The Audit Committee consists of three members, Su Lei, Chris Bickel, Richard M. Cohen, its Chairman.  The Board has determined that each of them is independent within the meaning of the NASDAQ listing standards and applicable SEC regulations, and that each member has the financial literacy required by the NASDAQ listing standards.
 
The Board also has determined that Mr. Cohen is qualified as an "audit committee financial expert" within the meaning of applicable SEC regulations and has the accounting and related financial sophistication required by NASDAQ listing standards.
 
The function of the Audit Committee, as more fully set forth in its charter, is to (i) oversee our financial statements, our financial reporting process and our system of internal control over financial reporting; (ii) recommend the selection of our registered public accounting firm; (iii) review the extent of non-audit services to be performed by the auditors; and (iv) review the disclosures made in our periodic financial reports.   

A copy of the Audit Committee charter is filed as an exhibit to this 8-K.

Compensation Committee

The Compensation Committee consists of two members Chris Bickel and Richard M. Cohen.  The Board has determined that each of them is independent within the meaning of the NASDAQ listing standards.  The functions of the Compensation Committee, as more fully set forth in its charter, are to oversee our compensation policies generally, evaluate senior executive performance, oversee and determine compensation for senior executives and review and recommend to the Board actions regarding director compensation.  

A copy of the Compensation Committee charter is filed as an exhibit to this 8-K.

Nominating Committee

The Nominating Committee consists of two members, Chris Bickel and Richard M. Cohen.  The Board has determined that each of Messrs.
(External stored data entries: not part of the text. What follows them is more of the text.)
Definition r_zero : rule := mkRule (ev_at (Fn 5 []) #0 tZ tN) [].
Definition r_succ_nil : rule := mkRule (ev_at (Fn 6 []) tN (tS tZ) tN) [].
Definition r_succ_cons : rule := mkRule (ev_at (Fn 6 []) (tC #0 #1) (tS #0) tN) [].
Definition r_proj : rule :=
  mkRule (ev_at (Fn 7 [#2]) #0 #1 tN) [Pos (nth_at #2 #0 #1)].
Definition r_comp : rule :=
  mkRule (ev_at (Fn 8 [#0; #1]) #2 #3 (tC (tD #0 #4 #3 #5) #6))
    [Pos (ev_at #0 #4 #3 #5); Pos (evs_at #6 #1 #2 #4)].
Definition r_prec_zero : rule :=
  mkRule (ev_at (Fn 9 [#0; #1]) (tC tZ #2) #3 (tC (tD #0 #2 #3 #4) tN))
    [Pos (ev_at #0 #2 #3 #4)].
Definition r_prec_succ : rule :=
  mkRule (ev_at (Fn 9 [#0; #1]) (tC (tS #2) #3) #4
            (tC (tD (Fn 9 [#0; #1]) (tC #2 #3) #5 #6) (tC (tD #1 (tC #2 (tC #5 #3)) #4 #7) tN)))
    [Pos (ev_at (Fn 9 [#0; #1]) (tC #2 #3) #5 #6); Pos (ev_at #1 (tC #2 (tC #5 #3)) #4 #7)].
Definition r_mu : rule :=
  mkRule (ev_at (Fn 10 [#0]) #1 #2 (tC (tD #0 (tC #2 #1) tZ #3) #4))
    [Pos (ev_at #0 (tC #2 #1) tZ #3); Pos (pos_below_at #4 #0 #1 #2)].
Definition r_evs_nil : rule := mkRule (evs_at tN tN #0 tN) [].
Definition r_evs_cons : rule :=
  mkRule (evs_at (tC (tD #0 #1 #2 #3) #4) (tC #0 #5) #1 (tC #2 #6))
    [Pos (ev_at #0 #1 #2 #3); Pos (evs_at #4 #5 #1 #6)].
Definition r_below_zero : rule := mkRule (pos_below_at tN #0 #1 tZ) [].
Definition r_below_succ : rule :=
  mkRule (pos_below_at (tC (tD #0 (tC #2 #1) (tS #3) #4) #5) #0 #1 (tS #2))
    [Pos (ev_at #0 (tC #2 #1) (tS #3) #4); Pos (pos_below_at #5 #0 #1 #2)].
Definition r_nth_zero_nil : rule := mkRule (nth_at tZ tN tZ) [].
Definition r_nth_zero_cons : rule := mkRule (nth_at tZ (tC #0 #1) #0) [].
Definition r_nth_succ_nil : rule := mkRule (nth_at (tS #0) tN tZ) [].
Definition r_nth_succ_cons : rule :=
  mkRule (nth_at (tS #0) (tC #1 #2) #3) [Pos (nth_at #0 #2 #3)].

Definition interp : program :=
  [r_signature; r_zero; r_succ_nil; r_succ_cons; r_proj; r_comp; r_prec_zero; r_prec_succ;
   r_mu; r_evs_nil; r_evs_cons; r_below_zero; r_below_succ;
   r_nth_zero_nil; r_nth_zero_cons; r_nth_succ_nil; r_nth_succ_cons].

Definition halt_pattern (g : recf) (n : nat) : term := tD (tcode g) (tnums [n]) #0 #1.

Definition r_halt (g : recf) (n : nat) : rule :=
  mkRule (mkAtom 0 [halt_pattern g n])
    [Neg (mkAtom 0 [halt_pattern g n]); Pos (mkAtom 1 [halt_pattern g n])].

Definition reduction_program (g : recf) (n : nat) : program := r_halt g n :: interp.

Lemma interp_guarded r : In r interp -> guarded_rule 4 r.
Proof.
  intros Hr. repeat destruct Hr as [<-|Hr]; try contradiction;
  intros l Hl; repeat destruct Hl as [<-|Hl]; try contradiction;
  (split; [simpl; lia | split; [simpl; lia |]]);
  intros t Ht; repeat destruct Ht as [<-|Ht]; try contradiction;
  simpl; repeat (first [left; reflexivity | right]).
Qed.

Lemma r_halt_guarded g n : guarded_rule 4 (r_halt g n).
Proof.
  intros l Hl; repeat destruct Hl as [<-|Hl]; try contradiction;
  (split; [simpl; lia | split; [simpl; lia |]]);
  intros t Ht; repeat destruct Ht as [<-|Ht]; try contradiction;
  simpl; left; reflexivity.
Qed.

Lemma finitely_recursive_reduction_program g n : finitely_recursive (reduction_program g n).
Proof.
  apply (finitely_recursive_guarded _ 4). intros r [<-|Hr].
  - apply r_halt_guarded.
  - now apply interp_guarded.
Qed.

Definition tnum_code_step : pexpr :=
  PPair (PConst 1) (PPair (PConst 1) (PSucc (PPair PVar (PConst 0)))).

Definition halt_program_code (g : recf) (rules : nat) : pexpr :=
  let singleton :=
    PPair (PConst 1) (PPair (PConst 3) (PSucc (PPair PVar (PConst (enc_list [enc_term tN]))))) in
  let pattern :=
    PPair (PConst 1) (PPair (PConst 4) (PSucc (PPair (PConst (enc_term (tcode g)))
      (PSucc (PPair singleton (PConst (enc_list (map enc_term [#0; #1])))))))) in
  let p0 := PPair (PConst 0) (PSucc (PPair pattern (PConst 0))) in
  let p1 := PPair (PConst 1) (PSucc (PPair pattern (PConst 0))) in
  PSucc (PPair (PPair p0 (PSucc (PPair (PPair (PConst 1) p0)
                                       (PSucc (PPair (PPair (PConst 0) p1) (PConst 0))))))
               (PConst rules)).

Lemma enc_halt_program g n rules :
  enc_program (r_halt g n :: rules) =
  pexpr_val (halt_program_code g (enc_list (map enc_rule rules))) (enc_term (tnum n)).
Proof. reflexivity. Qed.

Lemma computable_reduction_program g : computable (fun n => enc_program (reduction_program g n)).
Proof.
  exists (pexpr_recf (halt_program_code g (enc_list (map enc_rule interp)))
            (RPrec (rconst (enc_term (tnum 0))) (pexpr_recf tnum_code_step (RProj 1)))).
  intros n. unfold reduction_program. rewrite enc_halt_program. apply eval_pexpr_recf.
  apply (eval_iterate tnum_code_step (fun n => enc_term (tnum n))). reflexivity.
Qed.

Definition intended (a : atom) : Prop :=
  match pred_sym a, atom_args a with
  | 1, [Fn 4 [G; V; Y; _]] => eval (code_of G) (nums_of V) (num_of Y)
  | 2, [_; GS; V; YS] => Forall2 (fun g y => eval g (nums_of V) y) (codes_of GS) (nums_of YS)
  | 3, [_; F; V; N] =>
      forall m, m < num_of N -> exists k, eval (code_of F) (m :: nums_of V) (S k)
  | 4, [K; V; Y] => nth (num_of K) (nums_of V) 0 = num_of Y
  | 5, _ => True
  | _, _ => False
  end.

Lemma intended_closed g n : closed_reduct (reduction_program g n) (fun _ => True) intended.
Proof.
  intros r [r0 [s [Hin [_ ->]]]] Hneg Hpos.
  destruct Hin as [<-|Hin].
  { exfalso. exact (Hneg _ (or_introl eq_refl) I). }
  repeat destruct Hin as [<-|Hin]; try contradiction; unfold intended; simpl in Hpos |- *.
  - exact I.
  - constructor.
  - exact (ev_succ []).
  - exact (ev_succ (num_of (s 0) :: nums_of (s 1))).
  - rewrite <- (Hpos _ (or_introl eq_refl)). constructor.
  - econstructor;
      [exact (Hpos _ (or_intror (or_introl eq_refl))) | exact (Hpos _ (or_introl eq_refl))].
  - constructor. exact (Hpos _ (or_introl eq_refl)).
  - econstructor;
      [exact (Hpos _ (or_introl eq_refl)) | exact (Hpos _ (or_intror (or_introl eq_refl)))].
  - constructor;
      [exact (Hpos _ (or_introl eq_refl)) | exact (Hpos _ (or_intror (or_introl eq_refl)))].
  - constructor.
  - constructor;
      [exact (Hpos _ (or_introl eq_refl)) | exact (Hpos _ (or_intror (or_introl eq_refl)))].
  - intros m Hm. lia.
  - intros m Hm. destruct (Nat.eq_dec m (num_of (s 2))) as [->|Hne].
    + eexists. exact (Hpos _ (or_introl eq_refl)).
    + apply (Hpos _ (or_intror (or_introl eq_refl))). simpl. lia.
  - reflexivity.
  - reflexivity.
  - reflexivity.
  - exact (Hpos _ (or_introl eq_refl)).
Qed.

Definition eval_nested_ind (Q : recf -> list nat -> nat -> Prop)
  (Hz : forall v, Q RZero v 0)
  (Hs : forall v, Q RSucc v (S (nth 0 v 0)))
  (Hp : forall i v, Q (RProj i) v (nth i v 0))
  (Hc : forall f gs v ys z,
      Forall2 (fun g y => Q g v y) gs ys -> Q f ys z -> Q (RComp f gs) v z)
  (Hp0 : forall f g v z, Q f v z -> Q (RPrec f g) (0 :: v) z)
  (HpS : forall f g n v y z,
      Q (RPrec f g) (n :: v) y -> Q g (n :: y :: v) z -> Q (RPrec f g) (S n :: v) z)
  (Hm : forall f v n,
      Q f (n :: v) 0 -> (forall m, m < n -> exists k, Q f (m :: v) (S k)) -> Q (RMu f) v n) :
  forall g v y, eval g v y -> Q g v y :=
  fix go g v y (H : eval g v y) {struct H} : Q g v y :=
  match H in eval g v y return Q g v y with
  | ev_zero v => Hz v
  | ev_succ v => Hs v
  | ev_proj i v => Hp i v
  | ev_comp f gs v ys z HF Hf =>
      Hc f gs v ys z
        ((fix go_list gs ys (HF : Forall2 (fun g y => eval g v y) gs ys)
            : Forall2 (fun g y => Q g v y) gs ys :=
          match HF in Forall2 _ gs ys return Forall2 (fun g y => Q g v y) gs ys with
          | Forall2_nil _ => Forall2_nil _
          | @Forall2_cons _ _ _ g y gs' ys' h hs =>
              Forall2_cons g y (go g v y h) (go_list gs' ys' hs)
          end) gs ys HF)
        (go f ys z Hf)
  | ev_prec0 f g v z Hf => Hp0 f g v z (go f v z Hf)
  | ev_precS f g n v y z H1 H2 => HpS f g n v y z (go _ _ _ H1) (go _ _ _ H2)
  | ev_mu f v n H0 H1 =>
      Hm f v n (go _ _ _ H0)
        (fun m Hlt => match H1 m Hlt with ex_intro _ k Hk => ex_intro _ k (go _ _ _ Hk) end)
  end.

Definition signature : list (nat * nat) :=
  [(0, 0); (1, 1); (2, 0); (3, 2); (4, 4); (5, 0); (6, 0); (7, 1); (8, 2); (9, 2); (10, 1)].

Definition assign (l : list term) : nat -> term := fun x => nth x l tZ.

Section Completeness.

Variable P : program.
Hypothesis interp_incl : incl interp P.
Bickel and Cohen is independent within the meaning of the NASDAQ listing standards.

As more fully set forth in its charter, the primary responsibilities of the Nominating Committee are to: (i) develop and recommend to the Board criteria for selecting qualified director candidates; (ii) identify, review and evaluate individuals qualified to become Board members; (iii) consider committee member qualifications, appointment and removal; and (iv) assist the Board in its annual reviews of the performance of the Board, each committee and management.  The Committee has the exclusive authority to make recommendations to the Board for approval for the election of new members to the Board.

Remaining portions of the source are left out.